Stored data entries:
╔══
Lemma fold_right_sum_ge_term (f : nat -> R) (l : list nat) (k : nat) :
  (forall i, 0 <= f i) -> In k l -> f k <= fold_right Rplus 0 (map f l).
Proof.
  intros Hf. induction l as [| a l IH]; simpl; [tauto |].
  assert (G : 0 <= fold_right Rplus 0 (map f l)).
  { clear IH. induction l as [| b l' IH']; simpl; [lra | specialize (Hf b); lra]. }
  intros [-> | Hin]; [lra | specialize (IH Hin); specialize (Hf a); lra].
Qed.

Lemma Vfun_ge_term (n : nat) (A : R) (p : nat -> pt) (u : pt) (k : nat) :
  0 <= A -> (k < n)%nat -> / (2 * enorm (psub u (p k))) <= Vfun n A p u.
Proof.
  intros HA Hk. unfold Vfun.
  assert (fold_right Rplus 0 (map (fun i => / (2 * enorm (psub u (p i)))) (seq 0 n))
            >= / (2 * enorm (psub u (p k)))); [| lra].
  apply Rle_ge, (fold_right_sum_ge_term (fun i => / (2 * enorm (psub u (p i))))).
  - intros i. destruct (Req_dec (enorm (psub u (p i))) 0) as [-> | Hne].
    + rewrite Rmult_0_r, Rinv_0. lra.
    + apply Rlt_le, Rinv_0_lt_compat. assert (0 <= enorm (psub u (p i))) by apply sqrt_pos. lra.
  - apply in_seq. lia.
Qed.

Lemma Vfun_pos_on_interior (n : nat) (A : R) (p : nat -> pt) (u : pt) :
  (0 < n)%nat -> 0 <= A -> polyU n p u -> 0 < Vfun n A p u.
Proof.
  intros Hn HA Hu.
  assert (Hne : psub u (p 0%nat) <> (0, 0)).
  { intros E. specialize (Hu 0%nat Hn). rewrite E in Hu. unfold cross in Hu; simpl in Hu. lra. }
  assert (Hpos : 0 < enorm (psub u (p 0%nat))) by (apply sqrt_lt_R0, norm2_pos, Hne).
  assert (V := Vfun_ge_term n A p u 0 HA Hn).
  assert (0 < / (2 * enorm (psub u (p 0%nat)))) by (apply Rinv_0_lt_compat; lra). lra.
Qed.
Lemma cell_of_eq_down (n m : nat) (x y : X) :
  (m <= n)%nat -> cell_of n x = cell_of n y -> cell_of m x = cell_of m y.
Proof.
  intros Hmn. induction Hmn as [|n Hmn IH]; intros H; [exact H|].
  apply IH. now rewrite <- (parent_cell_of n x), <- (parent_cell_of n y), H.
Qed.

(* [rho] is the separation constant of [U n]. *)
Lemma cell_of_close (n : nat) : exists rho, 0 < rho /\
  forall (a : cell n) q x, proj1_sig a q -> d q x < rho -> a = cell_of n x.
Proof.
  destruct (proj2 U_tame n) as [rho [Hrho Hsep]]. exists rho. split; [exact Hrho|].
  intros a q x Hq Hqx. apply NNPP. intros Hne.
  assert (Hne' : proj1_sig a <> proj1_sig (cell_of n x)) by (intros E; apply Hne, eq_sig_hprop;
    [intros; apply proof_irrelevance | exact E]).
  pose proof (Hsep _ _ (proj2_sig a) (proj2_sig (cell_of n x)) Hne' q x Hq (cell_of_mem n x)).
  lra.
Qed.

Definition forbidden (m : nat) (a b : cell m) : Prop :=
  ~ exists x, proj1_sig a x /\ proj1_sig b (f x).

Local Notation symbolic m := (shift_space (cell m) (forbidden m)).

Lemma parent_shift_allowed (m : nat) (y : symbolic (S m)) (i : nat) :
  ~ forbidden m (parent m (proj1_sig y i)) (parent m (proj1_sig y (S i))).
Proof.
  intros Hn. apply (proj2_sig y i). intros [x [H1 H2]].
  apply Hn. exists x. split; apply parent_sup; assumption.
Qed.

Definition parent_shift (m : nat) (y : symbolic (S m)) : symbolic m :=
  exist _ (fun i => parent m (proj1_sig y i)) (parent_shift_allowed m y).

Lemma parent_shift_comm (m : nat) (y : symbolic (S m)) :
  parent_shift m (shift_map y) = shift_map (parent_shift m y).
Proof. now apply shift_ext. Qed.

Lemma parent_shift_unif_cont (m : nat) : unif_cont shift_dist shift_dist (parent_shift m).
Proof.
  apply shift_unif_cont_iff. intros L. exists L.
  intros u v H i Hi. simpl. now rewrite H.
Qed.

Lemma itinerary_allowed (m : nat) (x : X) (i : nat) :
  ~ forbidden m (cell_of m (Nat.iter i f x)) (cell_of m (Nat.iter (S i) f x)).
Proof. intros Hn. apply Hn. exists (Nat.iter i f x). split; apply cell_of_mem. Qed.

Definition itinerary (m : nat) (x : X) : symbolic m :=
  exist _ (fun i => cell_of m (Nat.iter i f x)) (itinerary_allowed m x).

Lemma itinerary_thread (x : X) (m : nat) : itinerary m x = parent_shift m (itinerary (S m) x).
Proof. apply shift_ext. intros i. simpl. now rewrite parent_cell_of. Qed.

Definition code (x : X) : inv_limit (fun m => symbolic m) parent_shift :=
  exist _ (fun m => itinerary m x) (itinerary_thread x).

Lemma code_shift (x : X) (m : nat) :
  proj1_sig (code (f x)) m = shift_map (proj1_sig (code x) m).
Proof.
  apply shift_ext. intros i. simpl. f_equal.
  induction i as [|i IH]; simpl; [reflexivity|]. now rewrite IH.
Qed.

Lemma limit_point_exists (p : inv_limit (fun m => symbolic m) parent_shift) (i : nat) :
  exists x, forall n, proj1_sig (proj1_sig (proj1_sig p n) i) x.
Proof.
  apply (U_complete (fun n => proj1_sig (proj1_sig (proj1_sig p n) i))).
  - intros n. apply proj2_sig.
  - intros n x Hx. rewrite (proj2_sig p n). now apply parent_sup.
Qed.

Definition limit_point (p : inv_limit (fun m => symbolic m) parent_shift) (i : nat) : X :=
  proj1_sig (constructive_indefinite_description _ (limit_point_exists p i)).

Lemma limit_point_mem (p : inv_limit (fun m => symbolic m) parent_shift) (i n : nat) :
  proj1_sig (proj1_sig (proj1_sig p n) i) (limit_point p i).
Proof. unfold limit_point. now destruct (constructive_indefinite_description _ _) as [x Hx]. Qed.
(* E[lambda_t^Y | omega_{t-1}]: average over the outcomes of the edges of
   arrival t (lambda_t does not depend on the edges of later arrivals). *)
Definition cond_exp_lambda (n : nat) (adj : nat -> nat -> bool)
  (p : nat -> nat -> R) (r : nat -> R) (w : nat -> nat -> bool)
  (y : nat -> R) (t : nat) : R :=
  bexp (fun j => p j t) n (fun b => lambda n adj p r (merge w t b) y t).

Definition set_seed (y : nat -> R) (i : nat) (yi : R) : nat -> R :=
  fun j => if Nat.eqb j i then yi else y j.

Definition in_I_minus (n : nat) (adj : nat -> nat -> bool) (p : nat -> nat -> R)
  (r : nat -> R) (w : nat -> nat -> bool) (y : nat -> R) (i t j : nat) : Prop :=
  (j < n)%nat /\ j <> i /\ adj j t = true /\
  avail n adj p r (fun k => negb (Nat.eqb k i)) w y t j = true.

From Stdlib Require Import Reals.
From Stdlib Require Import Lra Lia Classical.
Open Scope R_scope.

(* 1. The conditional expectation is explicit: averaging over the outcomes of
      the edges of arrival t, E[lambda_t | omega_{t-1}] equals the score
      p_{xt} r_x (1 - g(y_x)) of the resource x that Algorithm 1 offers to t
      (or 0 if t is offered nothing).
   2. Without i, resources are matched no later than with i: every
      resource available at t in the run without i is still available at t in
      the full run, whatever y_i is.  Hence every j in I^t_{-i} is a candidate
      for t in the full run, and the offered resource scores at least as much
      as j.
   3. The threshold y^c_i satisfies p_{it} r_i (1 - g(y^c_i)) <= max of the
      scores over I^t_{-i} (and = 0 if I^t_{-i} is empty); when the defining
      equation has no solution in [0,1], the maximum exceeds p_{it} r_i (1-g 0),
      since z |-> p_{it} r_i (1 - g z) maps [0,1] onto [0, p_{it} r_i (1-g 0)]. *)

Lemma exp_le_mono x y : x <= y -> exp x <= exp y.
Proof.
  intros Hxy; destruct (Rle_lt_or_eq_dec _ _ Hxy) as [Hlt | ->].
  - left; apply exp_increasing; exact Hlt.
  - right; reflexivity.
Qed.

Lemma ln_le_mono x y : 0 < x -> x <= y -> ln x <= ln y.
Proof.
  intros Hx Hxy; destruct (Rle_lt_or_eq_dec _ _ Hxy) as [Hlt | ->].
  - left; apply ln_increasing; assumption.
  - right; reflexivity.
Qed.

Lemma g_le_1 x : x <= 1 -> g x <= 1.
Proof.
  intros Hx; unfold g; rewrite <- exp_0 at 2; apply exp_le_mono; lra.
Qed.
(* Let $\mathcal H=(M,n,\mathcal R)$ be a BMS, let $S\subseteq\mathbb R^n$ be a convex set, and let $x_0\in S$. If there exists an $\mathcal H$-closed convex polytope $P$ with $x_0\in P\subseteq S$, then the scheduler has a positional winning strategy from $x_0$ in the schedulability game with safety set $S$; in fact there is a positional strategy under which, against every environment strategy, all visited states lie in $P$ and every chosen time delay is at least a fixed positive constant.
   Context: A multi-mode system is a tuple $\mathcal H=(M,n,\mathcal R)$ with $M$ a finite nonempty set of modes, $n\ge1$ variables, and $\mathcal R:M\to 2^{\mathbb R^n}$ giving nonempty rate sets; it is a BMS if each $\mathcal R(m)$ is a bounded convex polytope. A convex polytope $P\subseteq\mathbb R^n$ is $\mathcal H$-closed if for every vertex $c$ of $P$ there exist a mode $m\in M$ and $\tau>0$ such that $c+t\,r\in P$ for all $r\in\mathcal R(m)$ and all $t\in[0,\tau]$. The schedulability game from $x_0$: in round $i\ge 1$ the scheduler chooses $(m_i,t_i)\in M\times\mathbb R_{>0}$, the environment chooses $r_i\in\mathcal R(m_i)$, and $x_i=x_{i-1}+t_ir_i$. Scheduler strategies map finite histories to timed moves; environment strategies map a finite history and the current timed move $(m,t)$ to a rate in $\mathcal R(m)$; a strategy is positional if it depends only on the last state. A run is $S$-safe if $x_i\in S$ and $x_i+t r_{i+1}\in S$ for all $i\ge0$, $t\in[0,t_{i+1}]$, and non-Zeno if $\sum_it_i=\infty$. A scheduler strategy is winning if every resulting run is $S$-safe and non-Zeno. *)

From Stdlib Require Import Reals.
From mathcomp Require Import all_boot.
Set Implicit Arguments. Unset Strict Implicit. Unset Printing Implicit Defensive.

Local Open Scope R_scope.

Definition vec (n : nat) := 'I_n -> R.
Definition vadd n (x y : vec n) : vec n := fun i => x i + y i.
Definition vscale n (a : R) (x : vec n) : vec n := fun i => a * x i.

Definition convex n (S : vec n -> Prop) : Prop :=
  forall x y a, S x -> S y -> 0 <= a <= 1 ->
    S (vadd (vscale a x) (vscale (1 - a) y)).

Definition in_hull n k (v : 'I_k -> vec n) (x : vec n) : Prop :=
  exists w : 'I_k -> R,
    (forall j, 0 <= w j) /\ \big[Rplus/0]_(j < k) w j = 1 /\
    forall i, x i = \big[Rplus/0]_(j < k) (w j * v j i).

Definition polytope n (P : vec n -> Prop) : Prop :=
  exists k (v : 'I_k -> vec n), (0 < k)%N /\ forall x, P x <-> in_hull v x.

Definition vertex n (P : vec n -> Prop) (c : vec n) : Prop :=
  P c /\ forall x y a, P x -> P y -> 0 < a < 1 ->
    c = vadd (vscale a x) (vscale (1 - a) y) -> x = c /\ y = c.

Definition BMS (M : finType) (n : nat) (Rates : M -> vec n -> Prop) : Prop :=
  (0 < #|M|)%N /\ (1 <= n)%N /\ forall m, polytope (Rates m).

Definition H_closed (M : finType) n (Rates : M -> vec n -> Prop)
  (P : vec n -> Prop) : Prop :=
  polytope P /\
  forall c, vertex P c -> exists m tau, 0 < tau /\
    forall r t, Rates m r -> 0 <= t <= tau -> P (vadd c (vscale t r)).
╚══
WHAT IS EXPECTED: Your task is to quote, without any alteration, the lines running from the top of the records to the line that holds "Rmult_0_r, Rinv_0. lra.", both included.

OUTPUT:
Lemma fold_right_sum_ge_term (f : nat -> R) (l : list nat) (k : nat) :
  (forall i, 0 <= f i) -> In k l -> f k <= fold_right Rplus 0 (map f l).
Proof.
  intros Hf. induction l as [| a l IH]; simpl; [tauto |].
  assert (G : 0 <= fold_right Rplus 0 (map f l)).
  { clear IH. induction l as [| b l' IH']; simpl; [lra | specialize (Hf b); lra]. }
  intros [-> | Hin]; [lra | specialize (IH Hin); specialize (Hf a); lra].
Qed.

Lemma Vfun_ge_term (n : nat) (A : R) (p : nat -> pt) (u : pt) (k : nat) :
  0 <= A -> (k < n)%nat -> / (2 * enorm (psub u (p k))) <= Vfun n A p u.
Proof.
  intros HA Hk. unfold Vfun.
  assert (fold_right Rplus 0 (map (fun i => / (2 * enorm (psub u (p i)))) (seq 0 n))
            >= / (2 * enorm (psub u (p k)))); [| lra].
  apply Rle_ge, (fold_right_sum_ge_term (fun i => / (2 * enorm (psub u (p i))))).
  - intros i. destruct (Req_dec (enorm (psub u (p i))) 0) as [-> | Hne].
    + rewrite Rmult_0_r, Rinv_0. lra.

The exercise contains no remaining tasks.